The resurgence of pragmatism in legal thought reflects a widespread perception that in


recent years legal thinking has been unduly theoretical and abstract. One familiar
explanation-albeit only a partial one-for this tendency suggests that Brown v. Board of
Education and later Roe v. Wade prompted a crisis of constitutional legitimacy and
provoked constitutional scholars to ever loftier flights of theoretical abstraction in their
efforts to defend those decisions. In the long run, however, this project of theory-building
has proven unsatisfying. Each of the landmarks mentioned above has been severely
eroded, if not entirely overthrown. The movement toward grand theory, it may now seem,
represented a wrong turn; and it is time for retrenchment to the more solid ground of
experience, practice, and common sense. A counter diagnosis, however, deserves to be
considered. In a different sense, such theorizing does not appear grand at all, but rather
unusually and deliberately modest. Theories studiously avoided addressing the perennial
ethical, existential, or theological issues such as the nature of man or of the good, or the
meaning or purpose of life. On the contrary to their core, the theories suggested that
government and law must not take positions on questions such as these.
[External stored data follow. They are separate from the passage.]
Definition leaves_card_le (d : nat) (eps : R) (c : R) : Prop :=
  forall s : list box,
    ForallOrdPairs (fun P Q => ~ box_eq d P Q) s ->
    List.Forall (leaf d eps) s ->
    INR (length s) <= c.

Definition fcoef (d : nat) (k : nat) : R :=
  fold_right Rmult 1 (map (fun m => INR m - / INR d) (seq 1 k)) / INR (fact (S k)).

Definition fser (d : nat) (x : R) : R :=
  1 + Series (fun n => fcoef d (S n) * x ^ (S n)).

Definition ceilZ (x : R) : Z := (- Int_part (- x))%Z.

From Stdlib Require Import Reals Lra Lia ZArith List Sorting.
From Coquelicot Require Import Coquelicot.
Open Scope R_scope.

(* Each decomposition step multiplies B = prod beta of the decomposed box by
   delta^P, and along the process a box of type j satisfies
   B^(d-j+1) (B - eps)^(j-1) <= D^d, D the denominator of delta^P. This forces
   delta^P B <= B - (1 - s) with s = (1-eps)^(1/d), so a box decomposed at depth r
   has eps < 1 - r (1 - s); the binomial series gives 1 - s >= eps f(eps) / d,
   which bounds the height. A leaf is determined by the nonincreasing sequence of
   types along its path, of length at most h and with entries in 1..d, so there
   are at most C(h + d, d) leaves, and AM-GM turns this into the stated bounds. *)

Lemma le_of_derive_nonneg (f df : R -> R) (x : R) :
  0 <= x ->
  (forall y, 0 <= y <= x -> is_derive f y (df y)) ->
  (forall y, 0 <= y <= x -> 0 <= df y) -> f 0 <= f x.
Proof.
  intros Hx Hd Hs.
  destruct (Req_dec x 0) as [->|Hx0]; [lra|].
  destruct (MVT_gen f 0 x df) as [c [Hc Heq]]; unfold Rmin, Rmax in *;
    destruct (Rle_dec 0 x); try lra.
  - intros y Hy. apply Hd. lra.
  - intros y Hy. apply derivable_continuous_pt. exists (df y).
    apply is_derive_Reals, Hd. lra.
  - assert (0 <= df c) by (apply Hs; lra). nra.
Qed.

Definition pow1m (s x : R) : R := Rpower (1 - x) s.

Fixpoint pow1m_coef (s : R) (n : nat) : R :=
  match n with
  | O => 1
  | S n' => pow1m_coef s n' * (INR n' - s) / INR (S n')
  end.

Fixpoint pow1m_taylor (s : R) (N : nat) (x : R) : R :=
  match N with
  | O => 1
  | S N' => pow1m_taylor s N' x + pow1m_coef s (S N') * x ^ S N'
  end.

Lemma pow1m_coef_S_mul s n :
  pow1m_coef s (S n) * INR (S n) = - s * pow1m_coef (s - 1) n.
Proof.
  revert s; induction n as [|n IHn]; intros s.
  - simpl. field.
  - change (pow1m_coef s (S (S n)))
      with (pow1m_coef s (S n) * (INR (S n) - s) / INR (S (S n))).
    change (pow1m_coef (s - 1) (S n))
      with (pow1m_coef (s - 1) n * (INR n - (s - 1)) / INR (S n)).
    assert (HSn : INR (S n) <> 0) by (apply not_0_INR; lia).
    assert (E : pow1m_coef s (S n) = - s * pow1m_coef (s - 1) n / INR (S n)).
    { rewrite <- IHn. field. exact HSn. }
    rewrite E, (S_INR (S n)), (S_INR n). rewrite S_INR in *.
    field. pose proof (pos_INR n). split; lra.
Qed.

Lemma is_derive_monomial c n x :
  is_derive (fun y => c * y ^ S n) x (c * (INR (S n) * x ^ n)).
Proof. auto_derive; [easy|]. destruct n; simpl; ring. Qed.

Lemma pow1m_taylor_derive s N x :
  is_derive (pow1m_taylor s (S N)) x (- s * pow1m_taylor (s - 1) N x).
Proof.
  revert s. induction N as [|N IHN]; intros s.
  - apply (is_derive_ext (fun y => 1 + pow1m_coef s 1 * y)).
    { intros y. simpl. ring. }
    auto_derive; [easy|]. simpl. field.
  - change (pow1m_taylor s (S (S N)))
      with (fun y => pow1m_taylor s (S N) y + pow1m_coef s (S (S N)) * y ^ S (S N)).
    replace (- s * pow1m_taylor (s - 1) (S N) x)
      with (- s * pow1m_taylor (s - 1) N x
            + pow1m_coef s (S (S N)) * (INR (S (S N)) * x ^ S N)).
    + apply (is_derive_plus (pow1m_taylor s (S N))); [apply IHN|apply is_derive_monomial].
    + change (pow1m_taylor (s - 1) (S N) x)
        with (pow1m_taylor (s - 1) N x + pow1m_coef (s - 1) (S N) * x ^ S N).
      pose proof (pow1m_coef_S_mul s (S N)) as E.
      replace (pow1m_coef s (S (S N)) * (INR (S (S N)) * x ^ S N))
        with (pow1m_coef s (S (S N)) * INR (S (S N)) * x ^ S N) by ring.
      rewrite E. ring.
Qed.

Lemma pow1m_derive s x : x < 1 -> is_derive (pow1m s) x (- s * pow1m (s - 1) x).
Proof.
  intros Hx. unfold pow1m, Rpower. auto_derive; [lra|].
  replace (1 + - x) with (1 - x) by ring.
  replace ((s - 1) * ln (1 - x)) with (s * ln (1 - x) + - ln (1 - x)) by ring.
  rewrite exp_plus, exp_Ropp, exp_ln by lra. field. lra.
Qed.

Lemma pow1m_taylor_at_0 s N : pow1m_taylor s N 0 = 1.
Proof. induction N as [|N IHN]; simpl; [easy|]. rewrite IHN. ring. Qed.

Lemma pow1m_at_0 s : pow1m s 0 = 1.
Proof. unfold pow1m, Rpower. rewrite Rminus_0_r, ln_1, Rmult_0_r. apply exp_0. Qed.

Lemma ln_1m_nonpos x : 0 <= x < 1 -> ln (1 - x) <= 0.
Proof.
  intros Hx. rewrite <- ln_1. destruct (Req_dec x 0) as [->|].
  - right. f_equal. ring.
  - left. apply ln_increasing; lra.
Qed.

(* Differentiation maps degree N+1 at exponent s to degree N at exponent s-1,
   both for (1-x)^s and for its Taylor polynomials, so a comparison at degree N
   propagates to degree N+1; nonpositive exponents stay nonpositive. *)
Lemma pow1m_taylor_le N : forall s x, s <= 0 -> 0 <= x < 1 ->
  pow1m_taylor s N x <= pow1m s x.
Proof.
  induction N as [|N IHN]; intros s x Hs Hx.
  - unfold pow1m, Rpower. simpl. pose proof (ln_1m_nonpos x Hx).
    pose proof (exp_ineq1_le (s * ln (1 - x))). nra.
  - enough (1 - 1 <= pow1m s x - pow1m_taylor s (S N) x) by lra.
    rewrite <- (pow1m_at_0 s) at 1. rewrite <- (pow1m_taylor_at_0 s (S N)).
    apply (le_of_derive_nonneg (fun y => pow1m s y - pow1m_taylor s (S N) y)
             (fun y => - s * pow1m (s - 1) y - - s * pow1m_taylor (s - 1) N y));
      [lra| |].
    + intros y Hy. apply (is_derive_minus (pow1m s) (pow1m_taylor s (S N))).
      * apply pow1m_derive. lra.
      * apply pow1m_taylor_derive.
    + intros y Hy. assert (pow1m_taylor (s - 1) N y <= pow1m (s - 1) y)
        by (apply IHN; lra). nra.
Qed.

Lemma pow1m_le_taylor N s x : 0 <= s <= 1 -> 0 <= x < 1 ->
  pow1m s x <= pow1m_taylor s N x.
Proof.
  intros Hs Hx. destruct N as [|N].
  - unfold pow1m, Rpower. simpl. pose proof (ln_1m_nonpos x Hx).
    enough (exp (s * ln (1 - x)) <= exp 0) by (rewrite exp_0 in *; lra).
    destruct (Req_dec (s * ln (1 - x)) 0) as [->|]; [lra|].
    left. apply exp_increasing. nra.
  - enough (1 - 1 <= pow1m_taylor s (S N) x - pow1m s x) by lra.
    rewrite <- (pow1m_at_0 s) at 2. rewrite <- (pow1m_taylor_at_0 s (S N)) at 1.
    apply (le_of_derive_nonneg (fun y => pow1m_taylor s (S N) y - pow1m s y)
             (fun y => - s * pow1m_taylor (s - 1) N y - - s * pow1m (s - 1) y));
      [lra| |].
    + intros y Hy. apply (is_derive_minus (pow1m_taylor s (S N)) (pow1m s)).
      * apply pow1m_taylor_derive.
      * apply pow1m_derive. lra.
    + intros y Hy. assert (pow1m_taylor (s - 1) N y <= pow1m (s - 1) y)
        by (apply pow1m_taylor_le; lra). nra.
Qed.

Lemma fold_right_Rmult_app_single l a :
  fold_right Rmult 1 (l ++ a :: nil) = fold_right Rmult 1 l * a.
Proof. induction l as [|b l IHl]; simpl; [ring|]. rewrite IHl. ring. Qed.

Lemma fcoef_0 d : fcoef d 0 = 1.
Proof. unfold fcoef. simpl. field. Qed.

Lemma fcoef_S d k :
  fcoef d (S k) = fcoef d k * (INR (S k) - / INR d) / INR (S (S k)).
Proof.
  unfold fcoef. rewrite seq_S, map_app. cbn [map].
  rewrite fold_right_Rmult_app_single.
  replace (1 + k)%nat with (S k) by lia.
  change (fact (S (S k))) with (S (S k) * fact (S k))%nat. rewrite mult_INR.
  assert (Hf : INR (fact (S k)) <> 0) by apply INR_fact_neq_0.
  assert (HSS : INR (S (S k)) <> 0) by (apply not_0_INR; lia).
  generalize (/ INR d). intros t. field. split; [exact Hf|exact HSS].
Qed.

Lemma pow1m_coef_inv d k : pow1m_coef (/ INR d) (S k) = - / INR d * fcoef d k.
Proof.
  induction k as [|k IHk].
  - simpl. rewrite fcoef_0. generalize (/ INR d). intros t. field.
  - change (pow1m_coef (/ INR d) (S (S k)))
      with (pow1m_coef (/ INR d) (S k) * (INR (S k) - / INR d) / INR (S (S k))).
    rewrite IHk, fcoef_S. generalize (/ INR d). intros t. field.
    apply not_0_INR. lia.
Qed.

Lemma inv_INR_range d : (1 <= d)%nat -> 0 < / INR d <= 1.
Proof.
  intros Hd. assert (1 <= INR d) by (apply (le_INR 1); exact Hd).
  split; [apply Rinv_0_lt_compat; lra|].
  rewrite <- Rinv_1. apply Rinv_le_contravar; lra.
Qed.

Lemma fcoef_range d k : (1 <= d)%nat -> 0 <= fcoef d k <= 1.
Proof.
  intros Hd. pose proof (inv_INR_range d Hd) as Hinv.
  induction k as [|k IHk]; [rewrite fcoef_0; lra|].
  rewrite fcoef_S, !S_INR. pose proof (pos_INR k).
  assert (0 <= (INR k + 1 - / INR d) / (INR k + 1 + 1) <= 1).
  { split; [apply Rdiv_le_0_compat; lra|].
    apply Rmult_le_reg_r with (INR k + 1 + 1); [lra|].
    unfold Rdiv. rewrite Rmult_assoc, Rinv_l by lra. lra. }
  unfold Rdiv in *. rewrite Rmult_assoc. nra.
Qed.

Definition fser_term (d : nat) (x : R) (n : nat) : R := fcoef d (S n) * x ^ S n.

Lemma one_sub_pow1m_taylor d x N :
  1 - pow1m_taylor (/ INR d) (S (S N)) x = / INR d * x * (1 + sum_n (fser_term d x) N).
Proof.
  induction N as [|N IHN].
  - rewrite sum_O. unfold fser_term.
    change (pow1m_taylor (/ INR d) 2 x)
      with (1 + pow1m_coef (/ INR d) 1 * x ^ 1 + pow1m_coef (/ INR d) 2 * x ^ 2).
    rewrite !pow1m_coef_inv, fcoef_0. simpl. ring.
  - rewrite sum_Sn.
    change (plus (sum_n (fser_term d x) N) (fser_term d x (S N)))
      with (sum_n (fser_term d x) N + fser_term d x (S N)).
    change (pow1m_taylor (/ INR d) (S (S (S N))) x)
      with (pow1m_taylor (/ INR d) (S (S N)) x
            + pow1m_coef (/ INR d) (S (S (S N))) * x ^ S (S (S N))).
    rewrite pow1m_coef_inv. unfold fser_term at 2.
    replace (x ^ S (S (S N))) with (x * x ^ S (S N)) by (simpl; ring).
    enough (1 - pow1m_taylor (/ INR d) (S (S N)) x
            = / INR d * x * (1 + sum_n (fser_term d x) N)) by lra.
    exact IHN.
Qed.

Lemma ex_series_fser_term d x : (1 <= d)%nat -> 0 <= x < 1 -> ex_series (fser_term d x).
Proof.
  intros Hd Hx.
  apply (@ex_series_le R_AbsRing R_CompleteNormedModule _ (fun n => x ^ n)).
  - intros n. change norm with Rabs. unfold fser_term. simpl.
    pose proof (fcoef_range d (S n) Hd). pose proof (pow_le x n (proj1 Hx)).
    assert (0 <= x * x ^ n <= x ^ n) by (split; nra).
    rewrite Rabs_right by (apply Rle_ge, Rmult_le_pos; lra). nra.
  - apply ex_series_geom. rewrite Rabs_right; lra.
Qed.

Lemma Series_le_const a M : ex_series a -> (forall N, sum_n a N <= M) -> Series a <= M.
Proof.
  intros Ha HN.
  apply (is_lim_seq_le (sum_n a) (fun _ => M) (Series a) M HN);
    [apply Series_correct, Ha | apply is_lim_seq_const].
Qed.

Lemma const_le_Series a M : ex_series a -> (forall N, M <= sum_n a N) -> M <= Series a.
Proof.
  intros Ha HN.
  apply (is_lim_seq_le (fun _ => M) (sum_n a) M (Series a) HN);
    [apply is_lim_seq_const | apply Series_correct, Ha].
Qed.

(* This is where f enters: 1 - (1-eps)^(1/d) = (eps/d) f(eps) by the binomial
   series, of which only the easy inequality is needed. *)
Lemma fser_le_root_gap d eps : (1 <= d)%nat -> 0 < eps < 1 ->
  / INR d * eps * fser d eps <= 1 - Rpower (1 - eps) (/ INR d).
Proof.
  intros Hd He. pose proof (inv_INR_range d Hd) as Hinv.
  assert (Hd0 : INR d <> 0) by (apply not_0_INR; lia).
  assert (Hc : 0 < / INR d * eps) by nra.
  set (K := 1 - Rpower (1 - eps) (/ INR d)).
  assert (HS : Series (fser_term d eps) <= K / (/ INR d * eps) - 1).
  { apply Series_le_const; [apply ex_series_fser_term; [exact Hd|lra]|].
    intros N. pose proof (pow1m_le_taylor (S (S N)) (/ INR d) eps ltac:(lra) ltac:(lra)).
    pose proof (one_sub_pow1m_taylor d eps N).
    apply Rmult_le_reg_r with (/ INR d * eps); [exact Hc|].
    unfold pow1m in *.
    replace ((K / (/ INR d * eps) - 1) * (/ INR d * eps)) with (K - / INR d * eps)
      by (field; split; [exact Hd0|lra]).
    rewrite Rmult_plus_distr_l, Rmult_1_r, (Rmult_comm _ (sum_n _ _)) in H0.
    set (S := sum_n (fser_term d eps) N) in H0.
    change (sum_n (fser_term d eps) N) with S. unfold K. lra. }
  unfold fser. change (fun n => fcoef d (S n) * eps ^ S n) with (fser_term d eps).
  replace K with (/ INR d * eps * (K / (/ INR d * eps)))
    by (field; split; [exact Hd0|lra]).
  apply Rmult_le_compat_l; lra.
Qed.

Lemma fser_ge_linear d eps : (1 <= d)%nat -> 0 < eps < 1 ->
  1 + (INR d - 1) / (2 * INR d) * eps <= fser d eps.
Proof.
  intros Hd He. assert (1 <= INR d) by (apply (le_INR 1); exact Hd).
  unfold fser. apply Rplus_le_compat_l.
  change (fun n => fcoef d (S n) * eps ^ S n) with (fser_term d eps).
  replace ((INR d - 1) / (2 * INR d) * eps) with (fser_term d eps 0).
  2:{ unfold fser_term. rewrite fcoef_S, fcoef_0. simpl. field. lra. }
  apply const_le_Series; [apply ex_series_fser_term; [exact Hd|lra]|].
  induction N as [|N IHN]; [rewrite sum_O; lra|].
  rewrite sum_Sn. change (plus (sum_n (fser_term d eps) N) (fser_term d eps (S N)))
    with (sum_n (fser_term d eps) N + fser_term d eps (S N)).
  assert (0 <= fser_term d eps (S N)).
  { apply Rmult_le_pos; [apply fcoef_range, Hd | apply pow_le; lra]. }
  rewrite <- (Rplus_0_r (fser_term d eps 0)). apply Rplus_le_compat; [exact IHN|exact H0].
Qed.

Lemma fser_ge_1 d eps : (1 <= d)%nat -> 0 < eps < 1 -> 1 <= fser d eps.
Proof.
  intros Hd He. pose proof (fser_ge_linear d eps Hd He).
  assert (1 <= INR d) by (apply (le_INR 1); exact Hd).
  assert (0 <= (INR d - 1) / (2 * INR d) * eps)
    by (apply Rmult_le_pos; [apply Rdiv_le_0_compat|]; lra).
  lra.
Qed.

Lemma pow_lt_compat_l a b n : 0 <= a < b -> (1 <= n)%nat -> a ^ n < b ^ n.
Proof.
  intros Hab Hn. induction n as [|n IHn]; [lia|].
  destruct n as [|n]; [simpl; lra|].
  assert (a ^ S n < b ^ S n) by (apply IHn; lia).
  assert (0 <= a ^ S n) by (apply pow_le; lra).
  simpl in *. nra.
Qed.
Such theories did
not merely decline to address such questions, but devoted themselves to insulating the
law from moral and theological thinking that might arise in other disciplines or in the
culture generally.

Anti-Grand Theory

The theorizing has proven unsatisfying not because it was too ambitions, but rather
because it was so aggressively unambitious. Pragmatism tries for neutrality by avoiding
making difficult and controversial substantive judgments upon fundamental human
questions. The remedy, if there is one, for the failures of recent theorizing lies not in a
pragmatic flight from theory, but rather in better and more courageous theorizing. And
the more promising recent development in legal thought lies not in the revival of legal
pragmatism, but rather in the renewal of interest in what is awkwardly called natural law.

Notes

Pragmatism- a philosophical movement that includes those who claim that an ideology or
proposition is true if it works satisfactorily, that the meaning of a proposition is to be
found in the practical consequences of accepting it, and that unpractical ideas are to be
rejected.

Dworkin- Acting on the premise that law is a seamless web, one is required to construct
the theory that best fits and justifies the law as a whole in order to decide a particular
case. The person will always come to the right answer.